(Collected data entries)
..............................

(* Let $\mathbb P$ be the law of a stationary simple point process on $\mathbb R^d$ with finite positive intensity $m$. For every $\gamma>0$, $L\in\mathbb N$ and $z\in\mathbb R^d$, $$\mathbb E_0\big[\xi(\Lambda_L(z))^\gamma\big]\le\frac1m(2L+2)^{d\gamma}\rho_{1+\gamma}.$$
   Context: $\mathcal N$ = locally finite subsets of $\mathbb R^d$, identified with counting measures ($\xi(A)=\#(\xi\cap A)$); $\tau_x\xi=\xi-x$; stationarity: $\mathbb P(\tau_xA)=\mathbb P(A)$. Intensity $m=\mathbb E[\xi([0,1]^d)]$. $\Lambda_L(z)=z+[-L,L]^d$. $\rho_\gamma:=\mathbb E[\xi([0,1]^d)^\gamma]$ (possibly $+\infty$). The Palm distribution is $\mathbb P_0(A)=\frac1m\int d\mathbb P(\xi)\sum_{x\in\xi\cap[0,1]^d}\mathbf 1_A(\tau_x\xi)$, with expectation $\mathbb E_0$. $\mathbb N=\{0,1,2,\dots\}$. *)

From HB Require Import structures.
From mathcomp Require Import all_boot all_order all_algebra.
From mathcomp Require Import all_classical all_reals all_analysis.
Set Implicit Arguments. Unset Strict Implicit. Unset Printing Implicit Defensive.
Import Order.TTheory GRing.Theory Num.Theory.
Local Open Scope classical_set_scope.
Local Open Scope ring_scope.

(* Points of R^d are d-tuples of reals; d.-tuple R carries the product
   (= Borel) sigma-algebra of mathcomp-analysis. *)
Definition pt (R : realType) (d : nat) := (d.-tuple R)%type.
(* Let $\alpha,\beta>0$, $\mathbf{c}=(c_j)_{j\in\mathbb{Z}}\in L^\infty(\mathbb{R}_+,\ell^\infty(\mathbb{Z}))$ and $\zeta,\xi:\mathbb{R}_+\to\mathbb{R}$ continuous. Let $W_j,Q_j\in\mathscr{C}^1([0,+\infty),\mathbb{R})$ ($j\in\mathbb{Z}$) satisfy, for all $t>0$ and integers $\zeta(t)\le j\le\xi(t)$, $$W_j'(t)\ge-2\alpha W_j(t)+\beta(Q_j(t)+Q_{j+1}(t)),\qquad Q_j'(t)\ge c_j(t)Q_j(t)+\alpha(W_j(t)+W_{j-1}(t)).$$ Assume $W_j(0)\ge0$, $Q_j(0)\ge0$ for all integers $\zeta(0)-1\le j\le\xi(0)+1$, and $W_j(t)\ge0$, $Q_j(t)\ge0$ for all $t>0$ and integers $j\in[\zeta(t)-1,\zeta(t))\cup(\xi(t),\xi(t)+1]$. Then $W_j(t)\ge0$ and $Q_j(t)\ge0$ for all $t>0$ and integers $\zeta(t)\le j\le\xi(t)$. *)

From HB Require Import structures.
From mathcomp Require Import all_boot all_order all_algebra.
From mathcomp Require Import all_classical all_reals all_analysis.
Set Implicit Arguments. Unset Strict Implicit. Unset Printing Implicit Defensive.
Import Order.TTheory GRing.Theory Num.Theory.
Import numFieldNormedType.Exports.
Local Open Scope classical_set_scope.
Local Open Scope ring_scope.

(* f : R -> R is C^1 on [0,+oo): differentiable at every t > 0, with a
   right derivative at 0, the resulting derivative being continuous on
   [0,+oo).  Values of f at negative arguments are irrelevant. *)
Definition C1_Rplus {R : realType} (f : R -> R) : Prop :=
  exists f' : R -> R,
    (forall t : R, 0 < t -> is_derive t 1 f (f' t)) /\
    ((fun h : R => h^-1 * (f h - f 0)) @ (0 : R)^'+ --> f' 0) /\
    {within [set x : R | 0 <= x], continuous f'}.

(* c = (c_j)_{j in Z} belongs to L^oo(R_+, l^oo(Z)): each component is
   Lebesgue measurable on R_+ and sup_j |c_j(t)| is essentially bounded
   on R_+. *)
Definition Linf_linf {R : realType} (c : int -> R -> R) : Prop :=
  (forall j : int, measurable_fun [set x : R | 0 <= x] (c j)) /\
  exists M : R,
    {ae (@lebesgue_measure R), forall t : R, 0 <= t ->
        forall j : int, `|c j t| <= M}.

From HB Require Import structures.
From mathcomp Require Import all_boot all_order all_algebra.
From mathcomp Require Import all_classical all_reals all_analysis.
From mathcomp Require Import measurable_realfun zify lra.
Import Order.TTheory GRing.Theory Num.Theory.
Import numFieldNormedType.Exports.
Local Open Scope classical_set_scope.
Local Open Scope ring_scope.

..............................

Report every line above that has the string "Definition" in it.

Definition pt (R : realType) (d : nat) := (d.-tuple R)%type.
Definition C1_Rplus {R : realType} (f : R -> R) : Prop :=
Definition Linf_linf {R : realType} (c : int -> R -> R) : Prop :=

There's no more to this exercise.